5. Originally Posted by dedust
. . .
ok i understand now, but is there a way of knowing which value you divide by? In this question i divided top into bottom and it was wrong, however when you divide bottom into top you get 5x-7.

6. Originally Posted by Paymemoney
ok i understand now, but is there a way of knowing which value you divide by? In this question i divided top into bottom and it was wrong, however when you divide bottom into top you get 5x-7.
When did you ever learn to divide the denominator of a fraction by the numerator? $\frac{a}{b}$ means a divided by b! You are correct that Paymethemoney's division is wrong. It should be $1+ \frac{5x- 7}{x^2- 5x+ 1}$. He has the signs in the remainder wrong.

The point in the second problem is that you only use partial fractions on "proper fractions". That's why you need to divide first.

For the first problem, $\frac{x^2+ x- 1}{(x^2+ 1)^2}$, because the denominator is an irreducible quadratic, squared, we need
$\frac{x^2+ x- 1}{(x^2+ 1)^2}= \frac{Ax+ B}{x^2+ 1}+ \frac{Cx+ D}{(x^2+1)^2}$.

7. Originally Posted by HallsofIvy
It should be $1+ \frac{5x- 7}{x^2- 5x+ 1}$.
a small correction in the denominator

$1+ \frac{5x- 7}{x^2- 5x+ 6}$

8. well this is how i done my long division by divide $x^2-1$into $x^2-5x+6$

someone tell me where i have gone wrong:

P.S

9. The only difference is a distributed -1.

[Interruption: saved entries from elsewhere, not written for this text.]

(* Let $k,r,h$ be positive integers with $r\mid(k+h)$. Let $m$ be the smallest integer such that $n=k+h+\frac{k+h}{r}\le 2^m-1$. Then there exists a maximally recoverable local $(k,r,h)$-code over the field $\mathbb{F}_{2^{hm}}$.
   Context: For positive integers $k,r,h$ with $r\mid(k+h)$, a local $(k,r,h)$-code over a finite field $\mathbb{F}$ is a linear systematic code of dimension $k$ and length $n=k+h+\frac{k+h}{r}$ consisting of $k$ data symbols, $h$ heavy parity symbols (each a fixed $\mathbb{F}$-linear combination of all data symbols), and, after partitioning the $k+h$ data and heavy parity symbols into $\frac{k+h}{r}$ groups of size $r$, one local parity per group equal to the sum (XOR) of the $r$ symbols of that group. A local group is such a group together with its local parity. The code is maximally recoverable if for every set $E$ of coordinates obtained by picking exactly one coordinate from each local group, puncturing the code in $E$ (deleting those coordinates) yields a maximum distance separable $[k+h,k]$ code (minimum distance $h+1$). *)

From HB Require Import structures.
From mathcomp Require Import all_boot all_order all_algebra.
Set Implicit Arguments. Unset Strict Implicit. Unset Printing Implicit Defensive.
Import GRing.Theory.
Local Open Scope ring_scope.

(* Coordinates of a local (k,r,h)-code of length k + h + g, g = (k+h)/r:
   positions lshift g i (i : 'I_(k+h)) are the k data symbols (i < k)
   followed by the h heavy parities (k <= i < k+h);
   positions rshift (k+h) j (j : 'I_g) are the g local parities.
   grp : 'I_(k+h) -> 'I_g assigns each data/heavy symbol to its group. *)

Definition local_partition (N g r : nat) (grp : 'I_N -> 'I_g) : Prop :=
  forall j : 'I_g, #|[set i | grp i == j]| = r.

Definition local_incidence (F : fieldType) (N g : nat) (grp : 'I_N -> 'I_g)
  : 'M[F]_(N, g) := \matrix_(i, j) (grp i == j)%:R.

(* generator matrix of the systematic code: data x ↦
   (x, x *m H, local parities of (x, x *m H)); column j of H gives the
   coefficients of heavy parity j *)
Definition lrc_gen (F : fieldType) (k h g : nat) (grp : 'I_(k + h) -> 'I_g)
  (H : 'M[F]_(k, h)) : 'M[F]_(k, k + h + g) :=
  let A := row_mx (1%:M : 'M[F]_k) H in row_mx A (A *m local_incidence F grp).

Definition local_group (k h g : nat) (grp : 'I_(k + h) -> 'I_g) (j : 'I_g)
  : {set 'I_(k + h + g)} :=
  [set lshift g i | i in [set i | grp i == j]] :|: [set rshift (k + h) j].

(* Maximal recoverability: for every E containing exactly one coordinate of
   each local group, the code punctured in E is an MDS [k+h, k] code, i.e.
   every nonzero data vector yields a punctured codeword of weight >= h+1
   (this gives both dimension k and minimum distance h+1). *)
Definition maximally_recoverable (F : fieldType) (k h g : nat)
  (grp : 'I_(k + h) -> 'I_g) (H : 'M[F]_(k, h)) : Prop :=
  forall E : {set 'I_(k + h + g)},
    (forall j : 'I_g, #|E :&: local_group grp j| = 1%N) ->
    forall x : 'rV[F]_k, x != 0 ->
      (h + 1 <= #|[set i | (i \notin E) && ((x *m lrc_gen grp H) ord0 i != 0%R)]|)%N.

From HB Require Import structures.
From mathcomp Require Import all_boot all_order all_algebra.
From mathcomp Require Import finfield cyclic zify.
Set Implicit Arguments. Unset Strict Implicit. Unset Printing Implicit Defensive.
Import GRing.Theory.
Local Open Scope ring_scope.

(* Let K = GF(2^m) inside F = GF(2^(hm)). Take distinct nonzero alpha_i in K
   (k + h <= 2^m - 1 of them) and a primitive element z of F, so that
   1, z, ..., z^(h-1) are K-linearly independent. Then any 2h of the elements
   lam_i = sum_(j<h) z^j alpha_i^(2j+1) are GF(2)-linearly independent: a vanishing
   subset sum kills the odd power sums of the alpha_i below 2h, hence by Frobenius
   all power sums up to 2h, which a Vandermonde determinant forbids.
   The heavy parities are chosen so that every codeword c satisfies the linearised
   checks sum_i c_i lam_i^(2^q) = 0 for q < h; this is possible since the Moore
   matrix of GF(2)-independent elements is invertible. Given an erasure pattern E
   with one coordinate per local group, the local parities turn these checks into
   checks on the unerased coordinates whose weights are sums of at most two lam's
   and vanish on E. Any h unerased weights are GF(2)-independent, so the Moore
   argument again shows that a nonzero punctured codeword has weight > h. *)

Lemma expr_sum_pchar (R : comNzRingType) n (I : Type) (r : seq I) (P : pred I)
    (f : I -> R) :
  [pchar R].-nat n -> (\sum_(i <- r | P i) f i) ^+ n = \sum_(i <- r | P i) f i ^+ n.
Proof.
move=> charRn; have n_gt0 : (0 < n)%N by case/andP: charRn.
apply: (big_morph (fun x => x ^+ n)); first by move=> x y; exact: exprDn_pchar.
by rewrite expr0n eqn0Ngt n_gt0.
Qed.

Lemma pchar2_nat_pow2 (R : nzSemiRingType) n : 2%N \in [pchar R] -> [pchar R].-nat (2 ^ n)%N.
Proof. by move=> charR2; rewrite pnatX (eq_pnat _ (pcharf_eq charR2)) pnat_id ?orTb. Qed.

Lemma sum_monomials_roots_eq0 (R : idomainType) n (c : 'I_n -> R) (e : 'I_n -> nat)
    (rs : seq R) :
  injective e -> uniq rs -> (forall i, e i < size rs)%N ->
  {in rs, forall x, \sum_i c i * x ^+ e i = 0} -> forall i, c i = 0.
Proof.
move=> e_inj rs_uniq e_lt c_roots.
pose p : {poly R} := \sum_i c i *: 'X^(e i).
have p_coef i : p`_(e i) = c i.
  rewrite coef_sum (bigD1 i) //= coefZ coefXn eqxx mulr1 big1 ?addr0 // => j ji.
  by rewrite coefZ coefXn (inj_eq e_inj) eq_sym (negbTE ji) mulr0.
suff /eqP p0 : p == 0 by move=> i; rewrite -p_coef p0 coef0.
apply: contraT => p_neq0.
have p_size : (size p <= size rs)%N.
  apply: (leq_trans (size_sum _ _ _)); apply/bigmax_leqP => i _.
  by rewrite (leq_trans (size_scale_leq _ _)) // size_polyXn.
have p_roots : all (root p) rs.
  apply/allP => x /c_roots cx0; rewrite /root /p horner_sum -[X in _ == X]cx0.
  by apply/eqP; apply: eq_bigr => i _; rewrite hornerZ hornerXn.
by have := max_poly_roots p_neq0 p_roots rs_uniq; rewrite ltnNge p_size.
Qed.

10. Originally Posted by Paymemoney
well this is how i done my long division by divide $x^2-1$into $x^2-5x+6$

someone tell me where i have gone wrong:

P.S

nothing wrong,..

but this is $\frac{x^2 - 5x + 6}{x^2 - 1}$

11. Originally Posted by HallsofIvy
For the first problem, $\frac{x^2+ x- 1}{(x^2+ 1)^2}$, because the denominator is an irreducible quadratic, squared, we need
$\frac{x^2+ x- 1}{(x^2+ 1)^2}= \frac{Ax+ B}{x^2+ 1}+ \frac{Cx+ D}{(x^2+1)^2}$.
i tired doing this method however when i found the values it did not match the book's answers.
Here's what i have done:

$\frac{x^2+x-1}{(x^2+1)^2}$

$\frac{Ax+B}{(x^2+1)}+\frac{Cx+D}{(x^2+1)^2}$

$(Ax+B)(x^2+1)(x^2+1)+(Cx+D)(x^2+1)=x^2+x-1$

The coefficients
$A+B=0$
$2A+C=0$
$2B+D=1$
$A+C=1$
$B+D=-1$

Find B using simultaneous equations:
(1) $2B+D=1$
(2) $B+D=-1$
(1)-(2)=
$B=2$

Find D
$B+D=-1$
$2+D=-1$
$D=-3$

Find A
$A+B=0$
$A+2=0$
$A=-2$

Find C
$A+C=1$
$-2+C=1$
$C=3$
The book's answer is $\frac{1}{x^2+1}+\frac{x-2}{(x^2+1)^2}$

12. Originally Posted by Paymemoney
i tired doing this method however when i found the values it did not match the book's answers.
Here's what i have done:

$\frac{x^2+x-1}{(x^2+1)^2}$

$\frac{Ax+B}{(x^2+1)}+\frac{Cx+D}{(x^2+1)^2}$

$(Ax+B)(x^2+1)(x^2+1)+(Cx+D)(x^2+1)=x^2+x-1$ $\rightarrow$ should be $(Ax+B)(x^2+1)+(Cx+D)=x^2+x-1$
. . .

13. Originally Posted by Paymemoney
for the first question i want to know how to find the partial fraction not intergrating it.
Then you should have put this in Algebra or Pre-Calculus.

The only reason I can think of to use Partial Fractions in Calculus would be to find the integral.